Михаил Салтыков-Щедрин - Пестрые письма
И живут себе Топтыгины как у Христа за пазушкой. Смирно, благородно, без конституций.
Чтов же сталось с Передрягиным? — получил ли он за свою твердость соответственную награду? спросят меня читатели.
Как это ни прискорбно, но на последний вопрос я могу ответить только отрицательно. Почтеннейший Никодим Лукич не только не получил награды, но даже вынужден был подать в отставку.
Причиною всему было слово «конституция».
Хотя и Прелестников и Неослабный по совести засвидетельствовали о неуклонной борьбе Передрягина с конституционалистами, но они не могли скрыть, что в первое время своего плена Никодим Лукич довольно-таки ходко пошел навстречу топтыгинским затеям и что, во всяком случае, он, а не кто другой, был автором пресловутой «зимней конституции», которая на целых полгода отдалила раскрытие злонамеренных укрывательств, грозивших казне безвременным оскудением.
Разумеется, распоряжение не замедлило.
Теперь Передрягин скромно живет с своею Акулиной Ивановной и довольствуется обществом титулярных советников.
Статские советники его опасаются; действительные статские советники хотя и не выказывают явной боязни, но действуют надвое. Что же касается тайных советников, то они просто-напросто дразнятся: «конституционалист! конституционалист!»

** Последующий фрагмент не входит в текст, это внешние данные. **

(* The map $R:\mathbb{CP}^2\dashrightarrow\mathbb{CP}^2$ is algebraically stable.
   Context: $R[U:V:W]=[(U^2+V^2)^2:V^2(U+W)^2:(V^2+W^2)^2]$, a rational map of $\mathbb{CP}^2$ with indeterminacy points $[\pm i:1:\mp i]$. A rational map $R:\mathbb{CP}^2\dashrightarrow\mathbb{CP}^2$ is algebraically stable if there is no integer $n\ge0$ and no algebraic curve $V$ collapsed by $R$ (to a point) such that $R^n(V)$ is contained in the indeterminacy set of $R$; equivalently $\deg R^n=(\deg R)^n$ for all $n$, where $\deg$ is the degree of the reduced homogeneous lift. *)

From HB Require Import structures.
From mathcomp Require Import all_boot all_order all_algebra.
From mathcomp Require Import mpoly.

Set Implicit Arguments.
Unset Strict Implicit.
Unset Printing Implicit Defensive.

Import Order.TTheory GRing.Theory Num.Theory.
Local Open Scope ring_scope.

Section RationalMap.
Variable C : numClosedFieldType.

(* homogeneous coordinates [U:V:W] = [X_0 : X_1 : X_2] on P^2(C) *)
Notation P := {mpoly C[3]}.
Definition U : P := 'X_(@Ordinal 3 0 isT).
Definition V : P := 'X_(@Ordinal 3 1 isT).
Definition W : P := 'X_(@Ordinal 3 2 isT).

Definition Rlift : 3.-tuple P :=
  [tuple (U ^+ 2 + V ^+ 2) ^+ 2; V ^+ 2 * (U + W) ^+ 2; (V ^+ 2 + W ^+ 2) ^+ 2].

Fixpoint Riter_lift (n : nat) : 3.-tuple P :=
  match n with
  | 0 => [tuple U; V; W]
  | k.+1 => [tuple of map (fun p => p \mPo Riter_lift k) Rlift]
  end.

(* G is a homogeneous lift of degree d of the rational map R^n:
   G = (G_0,G_1,G_2) not all zero, each G_i homogeneous of degree d,
   and G defines the same rational map as the composite lift,
   i.e. G is proportional to Riter_lift n. *)
Definition is_lift_iter (n d : nat) (G : 3.-tuple P) : Prop :=
  [/\ exists i, tnth G i != 0,
      forall i, tnth G i \is d.-homog &
      forall i j, tnth G i * tnth (Riter_lift n) j
                  = tnth G j * tnth (Riter_lift n) i].

(* reduced: the components have no non-constant common factor *)
Definition reduced (G : 3.-tuple P) : Prop :=
  forall h : P, (forall i, exists q : P, tnth G i = h * q) -> (msize h <= 1)%N.

(* "deg R^n = d": d is the degree of a reduced homogeneous lift of R^n *)
Definition deg_iter_is (n d : nat) : Prop :=
  exists G, is_lift_iter n d G /\ reduced G.

End RationalMap.

(* Let F = (F_0, F_1, F_2) be the n-fold composite of the lift of R. Each F_i
   is homogeneous of degree 4^n, and on the line {V = 0} the triple F restricts
   to (U^(4^n), 0, W^(4^n)). Since U^N and W^N are coprime, restricting a
   relation g F_2 = h F_0 to {V = 0} lets one split off a common multiple of
   (F_0, F_2) and divide the remainder by V; descending on the size of (g, h)
   shows that every such relation is (g, h) = q (F_0, F_2). Hence every lift of
   R^n is q F, reducedness forces q to be constant, and F itself is reduced:
   deg R^n = 4^n. *)
From HB Require Import structures.
From mathcomp Require Import all_boot all_order all_algebra.
From mathcomp Require Import mpoly.
From mathcomp Require Import ring zify.

Set Implicit Arguments. Unset Strict Implicit. Unset Printing Implicit Defensive.
Import GRing.Theory.
Local Open Scope ring_scope.

Section Restriction.
Variables (R : idomainType) (n : nat) (i : 'I_n).
Local Notation P := {mpoly R[n]}.

Definition msubst0 : P -> P :=
  comp_mpoly [tuple (if j == i then 0 else 'X_j) | j < n].
HB.instance Definition _ := GRing.LRMorphism.on msubst0.

Lemma msubst0X m : msubst0 'X_[m] = if m i == 0%N then 'X_[m] else 0.
Proof.
rewrite /msubst0 comp_mpolyX; case: eqP => hm.
  rewrite [RHS]mpolyXE_id; apply: eq_bigr => j _; rewrite tnth_mktuple.
  by case: eqP => [->|//]; rewrite hm !expr0.
rewrite (bigD1 i) //= tnth_mktuple eqxx expr0n.
by move/eqP/negbTE: hm => ->; rewrite mul0r.
Qed.

Lemma msubst0Xi j : msubst0 'X_j = if j == i then 0 else 'X_j.
Proof. by rewrite msubst0X mnm1E; case: (j == i). Qed.

Lemma msubst0E p :
  msubst0 p = \sum_(m <- msupp p) p@_m *: (if m i == 0%N then 'X_[m] else 0).
Proof.
rewrite {1}[p]mpolyE linear_sum; apply: eq_bigr => m _ /=.
by rewrite linearZ /= msubst0X.
Qed.

Lemma msubst0_id p : msubst0 (msubst0 p) = msubst0 p.
Proof.
rewrite (msubst0E p) linear_sum; apply: eq_bigr => m _ /=.
by rewrite linearZ /=; case: eqP => hm; rewrite ?raddf0 // msubst0X hm.
Qed.

Lemma msize_msubst0 p : (msize (msubst0 p) <= msize p)%N.
Proof.
rewrite msubst0E; apply: (leq_trans (msize_sum _ _ _)).
apply/bigmax_leqP_seq => m mp _; apply: (leq_trans (msizeZ_le _ _)).
case: eqP => _; last by rewrite msize0.
by rewrite msizeX; apply: msize_mdeg_lt.
Qed.

Lemma mpolyX_factorX (m : 'X_{1..n}) :
  m i != 0%N -> 'X_[m] = 'X_i * 'X_[(m - U_(i))%MM] :> P.
Proof.
move=> hm; rewrite -mpolyXD; congr 'X_[_]; apply/mnmP => j.
rewrite mnmDE mnmBE mnm1E; case: eqP => [<-|_]; last by rewrite subn0.
by rewrite add1n subn1 prednK // lt0n.
Qed.

Lemma msubst0_decomp p : exists r, p = msubst0 p + 'X_i * r.
Proof.
exists (\sum_(m <- msupp p)
          p@_m *: (if m i == 0%N then 0 else 'X_[(m - U_(i))%MM])).
rewrite msubst0E mulr_sumr -big_split /= {1}[p]mpolyE; apply: eq_bigr => m _ /=.
rewrite -scalerAr -scalerDr; congr (_ *: _); case: eqP => hm.
  by rewrite mulr0 addr0.
by rewrite add0r mpolyX_factorX //; apply/eqP.
Qed.

Lemma msubst0_eq0 p : msubst0 p = 0 -> exists r, p = 'X_i * r.
Proof. by move=> h; have [r hr] := msubst0_decomp p; exists r; rewrite hr h add0r. Qed.

End Restriction.

Section CoprimePair.
Variables (R : idomainType) (n : nat).
Local Notation P := {mpoly R[n]}.

Lemma mpolyXi_neq0 (j : 'I_n) : 'X_j != 0 :> P.
Proof. by rewrite -msize_poly_eq0 msizeX. Qed.

Lemma msizeXn (j : 'I_n) k : msize ('X_j ^+ k : P) = k.+1.
Proof. by rewrite mpolyXn msizeX mdegMn mdeg1 mul1n. Qed.

Lemma msize_dhomog (p : P) N : p \is N.-homog -> (msize p <= N.+1)%N.
Proof.
have [->|pn0] := eqVneq p 0; first by rewrite msize0.
move=> hp; have := dhomog_uniq pn0 hp (dhomog_msize hp).
have : msize p != 0%N by rewrite msize_poly_eq0.
by case: (msize p) => [|m] //= _ ->.
Qed.

Lemma mpolyXn_cross (j k : 'I_n) (x y : P) N : j != k ->
  x * 'X_k ^+ N = y * 'X_j ^+ N -> exists h, x = 'X_j ^+ N * h /\ y = 'X_k ^+ N * h.
Proof.
move=> jk e.
have Xn_neq0 (l : 'I_n) a : 'X_l ^+ a != 0 :> P by rewrite expf_neq0 ?mpolyXi_neq0.
suff [h hy] : exists h, y = 'X_k ^+ N * h.
  exists h; split=> //; apply: (mulIf (Xn_neq0 k N)).
  by rewrite e hy; ring.
suff Xk_dvd_y a : (a <= N)%N -> exists h, y = 'X_k ^+ a * h by exact: Xk_dvd_y.
elim: a => [|a IH] ha; first by exists y; rewrite expr0 mul1r.
have [h hh] := IH (ltnW ha).
have e' : x * 'X_k ^+ (N - a) = h * 'X_j ^+ N.
  apply: (mulfI (Xn_neq0 k a)); rewrite mulrCA -exprD subnKC ?(ltnW ha) //.
  by rewrite e hh mulrA.
(* setting X_k = 0 kills the left-hand side, since N - a > 0 *)
have /msubst0_eq0 [r hr] : msubst0 k h = 0.
  have := congr1 (msubst0 k) e'; rewrite !rmorphM !rmorphXn /= !msubst0Xi eqxx.
  rewrite (negbTE jk) expr0n subn_eq0 leqNgt ha mulr0 => /esym/eqP.
  by rewrite mulf_eq0 (negbTE (Xn_neq0 j N)) orbF => /eqP.
by exists r; rewrite hh hr exprSr mulrA.
Qed.

Lemma msize_descent (i : 'I_n) (A Y g q r : P) N :
  Y != 0 -> msize Y = N.+1 -> (msize A <= N.+1)%N ->
  msubst0 i g = Y * q -> g - q * A = 'X_i * r ->
  (msize r + (g != 0%R) <= msize g)%N.
Proof.
move=> Y_neq0 sY sA hg hr.
have [g0|g_neq0] := eqVneq g 0.
  move: hg; rewrite g0 raddf0 => /esym/eqP; rewrite mulf_eq0 (negbTE Y_neq0) /=.
  move=> /eqP q0; move: hr; rewrite g0 q0 mul0r subr0 => /esym/eqP.
  by rewrite mulf_eq0 (negbTE (mpolyXi_neq0 _)) /= => /eqP ->; rewrite msize0.
have [->|r_neq0] := eqVneq r 0; first by rewrite msize0 add0n lt0n msize_poly_eq0.
have -> : (msize r + 1 = msize ('X_i * r))%N.
  by rewrite msizeM ?mpolyXi_neq0 // msizeX mdeg1 addn1.
rewrite -hr; apply: (leq_trans (msizeD_le _ _)); rewrite geq_max leqnn msizeN /=.
have [->|q_neq0] := eqVneq q 0; first by rewrite mul0r msize0.
have [->|A_neq0] := eqVneq A 0; first by rewrite mulr0 msize0.
have := msize_msubst0 i g; rewrite hg !msizeM // sY; apply: leq_trans.
have : msize A != 0%N by rewrite msize_poly_eq0.
have : msize q != 0%N by rewrite msize_poly_eq0.
lia.
Qed.

Definition coprime_pair (A B : P) : Prop :=
  forall g h : P, g * B = h * A -> exists q, g = q * A /\ h = q * B.

Lemma coprime_pair_restrictX (i j k : 'I_n) (A B : P) N :
  j != i -> k != i -> j != k ->
  msubst0 i A = 'X_j ^+ N -> msubst0 i B = 'X_k ^+ N ->
  (msize A <= N.+1)%N -> (msize B <= N.+1)%N -> coprime_pair A B.
Proof.
move=> ji ki jk rA rB sA sB g h.
have Xn_neq0 (l : 'I_n) : 'X_l ^+ N != 0 :> P by rewrite expf_neq0 ?mpolyXi_neq0.
have msubst0Xn (l : 'I_n) : l != i -> msubst0 i ('X_l ^+ N) = 'X_l ^+ N.
  by move=> li; rewrite rmorphXn /= msubst0Xi (negbTE li).
move: {2}(msize g + msize h)%N (leqnn (msize g + msize h)) => s.
elim: s g h => [|s IH] g h.
  move=> hs _; exists 0; rewrite !mul0r; split; apply/eqP; rewrite -msize_poly_eq0; lia.
move=> hs e.
(* on X_i = 0 the relation reads g X_k^N = h X_j^N, which yields the cofactor q0;
   g - q0 A and h - q0 B then vanish on X_i = 0 and are divisible by X_i *)
have := congr1 (msubst0 i) e; rewrite !rmorphM /= rA rB => /mpolyXn_cross.
move=> /(_ jk) [c [gc hc]]; set q0 := msubst0 i c.
have rg : msubst0 i g = 'X_j ^+ N * q0.
  by rewrite -msubst0_id gc rmorphM /= msubst0Xn.
have rh : msubst0 i h = 'X_k ^+ N * q0.
  by rewrite -msubst0_id hc rmorphM /= msubst0Xn.
have [g' hg'] : exists g', g - q0 * A = 'X_i * g'.
  by apply: msubst0_eq0; rewrite rmorphB rmorphM /= msubst0_id rA rg mulrC subrr.
have [h' hh'] : exists h', h - q0 * B = 'X_i * h'.
  by apply: msubst0_eq0; rewrite rmorphB rmorphM /= msubst0_id rB rh mulrC subrr.
have dg := msize_descent (Xn_neq0 j) (msizeXn _ _) sA rg hg'.
have dh := msize_descent (Xn_neq0 k) (msizeXn _ _) sB rh hh'.
have e' : g' * B = h' * A.
  apply: (mulfI (mpolyXi_neq0 i)); rewrite !mulrA -hg' -hh'.
  by rewrite !mulrBl e mulrAC.
have [/andP [/eqP -> /eqP ->]|gh_neq0] := boolP ((g == 0) && (h == 0)).
  by exists 0; rewrite !mul0r.
have [q' [hq'g hq'h]] : exists q', g' = q' * A /\ h' = q' * B.
  apply: IH e'; move: gh_neq0 dg dh hs.
  by case: (g == 0); case: (h == 0) => //= _; lia.
exists (q0 + 'X_i * q'); split.
  by move/eqP: hg'; rewrite subr_eq => /eqP ->; rewrite hq'g; ring.
by move/eqP: hh'; rewrite subr_eq => /eqP ->; rewrite hq'h; ring.
Qed.

End CoprimePair.

Section AlgebraicStability.
Variable C : numClosedFieldType.
Local Notation P := {mpoly C[3]}.
Local Notation F k := (Riter_lift C k).
Local Notation i0 := (@Ordinal 3 0 isT).
Local Notation i1 := (@Ordinal 3 1 isT).
Local Notation i2 := (@Ordinal 3 2 isT).

Lemma ord3P (j : 'I_3) : [\/ j = i0, j = i1 | j = i2].
Proof.
by case: j => [[|[|[|m]]] hj] //; [apply: Or31|apply: Or32|apply: Or33]; apply: val_inj.
Qed.

Lemma Riter_liftS k :
  [/\ tnth (F k.+1) i0 = (tnth (F k) i0 ^+ 2 + tnth (F k) i1 ^+ 2) ^+ 2,
      tnth (F k.+1) i1 = tnth (F k) i1 ^+ 2 * (tnth (F k) i0 + tnth (F k) i2) ^+ 2 &
      tnth (F k.+1) i2 = (tnth (F k) i1 ^+ 2 + tnth (F k) i2 ^+ 2) ^+ 2].
Proof.
rewrite /= !tnth_map /= !(rmorphXn, rmorphD, rmorphM) /=.
by rewrite /U /V /W !comp_mpolyXU -!tnth_nth.
Qed.

Lemma Riter_lift_homog k j : tnth (F k) j \is (4 ^ k)%N.-homog.
Proof.
elim: k j => [|k IH] j.
  by case: (ord3P j) => ->; rewrite /= /U /V /W dhomogX /= mdeg1.
have [E0 E1 E2] := Riter_liftS k.
have e4 : (4 ^ k.+1 = 4 ^ k * 2 * 2)%N by rewrite expnS; lia.
case: (ord3P j) => ->.
- by rewrite E0 e4; apply: dhomogMn; apply: dhomogD; apply: dhomogMn.
- have -> : (4 ^ k.+1 = 4 ^ k * 2 + 4 ^ k * 2)%N by rewrite expnS; lia.
  by rewrite E1; apply: dhomogM; apply: dhomogMn; last apply: dhomogD.
- by rewrite E2 e4; apply: dhomogMn; apply: dhomogD; apply: dhomogMn.
Qed.

Lemma Riter_lift_restrict k :
  [/\ msubst0 i1 (tnth (F k) i0) = U C ^+ (4 ^ k),
      msubst0 i1 (tnth (F k) i1) = 0 &
      msubst0 i1 (tnth (F k) i2) = W C ^+ (4 ^ k)].
Proof.
elim: k => [|k [H0 H1 H2]]; first by rewrite /= /U /V /W !msubst0Xi !expr1.
have [-> -> ->] := Riter_liftS k.
rewrite !(rmorphXn, rmorphD, rmorphM) /= H0 H1 H2 expr0n /= mul0r add0r addr0.
by split; rewrite // -!exprM expnS mulnC.
Qed.

Lemma Riter_lift0_neq0 k : tnth (F k) i0 != 0.
Proof.
have [H0 _ _] := Riter_lift_restrict k.
apply: contra_eq_neq H0 => ->; rewrite raddf0 eq_sym.
by rewrite expf_neq0 ?mpolyXi_neq0.
Qed.

Lemma Riter_lift_coprime k : coprime_pair (tnth (F k) i0) (tnth (F k) i2).
Proof.
have [H0 _ H2] := Riter_lift_restrict k.
apply: (coprime_pair_restrictX (i := i1) _ _ _ H0 H2) => //;
  exact/msize_dhomog/Riter_lift_homog.
Qed.

Lemma lift_iter_multiple n d G : is_lift_iter n d (G : 3.-tuple P) ->
  exists q, forall j, tnth G j = q * tnth (F n) j.
Proof.
move=> [_ _ rel]; have [q [q0 q2]] := Riter_lift_coprime (rel i0 i2).
exists q => j; case: (ord3P j) => -> //.
by apply: (mulIf (Riter_lift0_neq0 n)); rewrite rel q0 mulrAC.
Qed.

Lemma Riter_lift_reduced n : reduced (F n).
Proof.
move=> h hdvd; have [q0 e0] := hdvd i0; have [q2 e2] := hdvd i2.
have h_neq0 : h != 0.
  by apply: contraNneq (Riter_lift0_neq0 n) => h0; rewrite e0 h0 mul0r.
have /Riter_lift_coprime [r [r0 _]] : q0 * tnth (F n) i2 = q2 * tnth (F n) i0.
  by apply: (mulfI h_neq0); rewrite !mulrA -e0 -e2 mulrC.
have hr : h * r = 1.
  by apply: (mulIf (Riter_lift0_neq0 n)); rewrite mul1r -mulrA -r0 -e0.
have r_neq0 : r != 0 by apply: contra_eq_neq hr => ->; rewrite mulr0 eq_sym oner_neq0.
have := congr1 (fun p : P => msize p) hr; rewrite msizeM // msize1.
have : msize r != 0%N by rewrite msize_poly_eq0.
case: (msize r) => // s _; rewrite addnS => /= hs.
by rewrite -[X in (_ <= X)%N]hs leq_addr.
Qed.

End AlgebraicStability.

Theorem proposition4p4 (C : numClosedFieldType) :
  forall n d : nat, deg_iter_is C n d <-> d = (4 ^ n)%N.
Proof.
move=> n d; split.
- move=> [G [liftG redG]]; have [q Gq] := lift_iter_multiple liftG.
  have /msize1_polyC qC := redG q (fun j => ex_intro _ _ (Gq j)).
  have [[j Gj_neq0] Ghomog _] := liftG.
  apply: (dhomog_uniq Gj_neq0 (Ghomog j)).
  by rewrite Gq qC mul_mpolyC dhomogZ ?Riter_lift_homog.
- move=> ->; exists (Riter_lift C n); split; last exact: Riter_lift_reduced.
  split; [by exists (@Ordinal 3 0 isT); apply: Riter_lift0_neq0
         | exact: Riter_lift_homog | by move=> i j; rewrite mulrC].
Qed.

Тем не менее Передрягин не унывает и даже, по-видимому, совсем примирился с своим новым званием. На днях я его встретил идущим в контору «Полицейских ведомостей», куда он нес для опубликования объявление. Объявление это гласило:
НОВОСТЬ!! СТАТСКИЙ СОВЕТНИК ПЕРЕДРЯГИН!!!
(Знаменская, Гусев переулок, 29)
Изготовляет КОНСТИТУЦИИ для всех стран и во всех смыслах. Проектирует реформы судебные, земские и иные, а равно ходатайствует об упразднении таковых. Имеет аттестаты. Вознаграждение умеренное. Согласен в отъезд.
И вы увидите, что объявление это, чего доброго, возымеет действие, и Передрягин получит заказ.
ПИСЬМО III
Чаще и чаще приходится слышать, что жить становится скучно и тяжело. И нельзя сказать, чтобы эти сетования были безосновательны. Не в смысле сокращения суммы так называемых развлечений — их даже чересчур достаточно — и не в смысле увеличивающейся с каждым днем суммы утрат и несбывшихся надежд, а просто потому, что понять ничего нельзя. Самые противоречивые течения до такой степени перепутались и загромоздили пути, что человек чувствует себя как бы в застенке, в котором вдобавок его ударило по темени. Он измучен не столько реальностью настигающих его зол, сколько бесплодностью своих метаний и сознанием, что жизненный процесс хотя и не прекратился, но в то же время утерял творческую силу. Жизнь утонула в массе подробностей, из которых каждая устраивается сама по себе, вне всякого соответствия с какой бы то ни было руководящей идеей. Неоткуда взяться этой идее; неоткуда и незачем. Прошедшее — несостоятельно, будущее — загромождено.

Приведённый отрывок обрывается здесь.